How to complete this task: Give back exactly the lines running from the line with "Definition idx (K" to the end of the entries, and only those lines.

Saved entries:

(* Under the assumption $N_s,N_r\ge 2K+1$, let $\mathbf L_K$ denote the operator $\mathbf L$ of truncation order $K$. Then there is a constant $C>0$ independent of $K$ (depending on $k_0R$) such that $$\mathrm{cond}(\mathbf L_K)=\frac{\max_{|n|\le K}|d_n|}{\min_{|n|\le K}|d_n|}\le C\,(C_RK)^K\quad\text{for all sufficiently large }K,$$ where $C_R=2/(ek_0R)$.
   Context: Let $k_0>0$, $R>0$, $z_0\in\mathbb R^2$, $K\in\mathbb N$, $N_s,N_r\in\mathbb N$. Let $\theta_s=2\pi s/N_s$, $\xi_s=(\cos\theta_s,\sin\theta_s)$, $\theta_r=2\pi r/N_r$. Define $\mathbf A=(A_{sm})\in\mathbb C^{N_s\times(2K+1)}$, $\mathbf B=(B_{rn})\in\mathbb C^{N_r\times(2K+1)}$, $m,n=-K,\dots,K$, by $A_{sm}=e^{ik_0\xi_s\cdot z_0}e^{im(\pi/2-\theta_s)}$, $B_{rn}=\frac i4\overline{H_n^{(1)}(k_0R)}e^{-in\theta_r}$, with $H_n^{(1)}$ the Hankel function of the first kind, and $d_n=\frac i4H_n^{(1)}(k_0R)$. The operator $\mathbf L:\mathbb C^{(2K+1)\times(2K+1)}\to\mathbb C^{N_s\times N_r}$ is $\mathbf L(\mathbf X)=\mathbf A\mathbf X\mathbf B^H$ (Frobenius norms), and $\mathrm{cond}$ denotes the ratio of its largest to smallest singular value. *)

From Stdlib Require Import Reals Lra ZArith ClassicalEpsilon.
Open Scope R_scope.

Definition Cx : Type := (R * R)%type.
Definition Cadd (a b : Cx) : Cx := (fst a + fst b, snd a + snd b).
Definition Cmul (a b : Cx) : Cx :=
  (fst a * fst b - snd a * snd b, fst a * snd b + snd a * fst b).
Definition Cconj (a : Cx) : Cx := (fst a, - snd a).
Definition Cmod2 (a : Cx) : R := fst a ^ 2 + snd a ^ 2.
Definition Cmod (a : Cx) : R := sqrt (Cmod2 a).
Definition Cexpi (t : R) : Cx := (cos t, sin t).
Definition Cscal (r : R) (a : Cx) : Cx := (r * fst a, r * snd a).

Fixpoint rsum (n : nat) (f : nat -> R) : R :=
  match n with O => 0 | S k => rsum k f + f k end.
Fixpoint csum (n : nat) (f : nat -> Cx) : Cx :=
  match n with O => (0, 0) | S k => Cadd (csum k f) (f k) end.
Fixpoint rmax_upto (n : nat) (f : nat -> R) : R :=
  match n with O => f O | S k => Rmax (rmax_upto k f) (f (S k)) end.
Fixpoint rmin_upto (n : nat) (f : nat -> R) : R :=
  match n with O => f O | S k => Rmin (rmin_upto k f) (f (S k)) end.

Definition series_value (a : nat -> R) : R :=
  epsilon (inhabits 0) (fun l => Un_cv (fun N => sum_f_R0 a N) l).

(** Euler–Mascheroni constant and psi(m+1) = H_m - gamma. *)
Definition harmonic (m : nat) : R := rsum m (fun k => / INR (S k)).
Definition euler_gamma : R :=
  epsilon (inhabits 0) (fun g => Un_cv (fun n => harmonic n - ln (INR n)) g).
Definition psi1 (m : nat) : R := harmonic m - euler_gamma.

(** Bessel functions of integer order n >= 0 (DLMF 10.2.2, 10.8.1), x > 0. *)
Definition BesselJ (n : nat) (x : R) : R :=
  series_value (fun k => (-1) ^ k / (INR (fact k) * INR (fact (n + k)))
                          * (x / 2) ^ (2 * k + n)).
Definition BesselY (n : nat) (x : R) : R :=
  - (/ PI) * / ((x / 2) ^ n)
      * rsum n (fun k => INR (fact (n - k - 1)) / INR (fact k) * (x ^ 2 / 4) ^ k)
  + (2 / PI) * ln (x / 2) * BesselJ n x
  - ((x / 2) ^ n / PI)
      * series_value (fun k => (psi1 k + psi1 (n + k)) * (- (x ^ 2 / 4)) ^ k
                               / (INR (fact k) * INR (fact (n + k)))).

(** Hankel function of the first kind, integer order n, H_{-n} = (-1)^n H_n. *)
Definition Hankel1 (n : Z) (x : R) : Cx :=
  let m := Z.abs_nat n in
  let h : Cx := (BesselJ m x, BesselY m x) in
  if (n <? 0)%Z then Cscal ((-1) ^ m) h else h.

Definition dcoef (k0 R0 : R) (n : Z) : Cx := Cmul (0, / 4) (Hankel1 n (k0 * R0)).

(** index j in 0..2K  <->  n = j - K in -K..K *)
Definition idx (K j : nat) : Z := (Z.of_nat j - Z.of_nat K)%Z.

Definition theta (N s : nat) : R := 2 * PI * INR s / INR N.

Answer area:
Definition idx (K j : nat) : Z := (Z.of_nat j - Z.of_nat K)%Z.

Definition theta (N s : nat) : R := 2 * PI * INR s / INR N.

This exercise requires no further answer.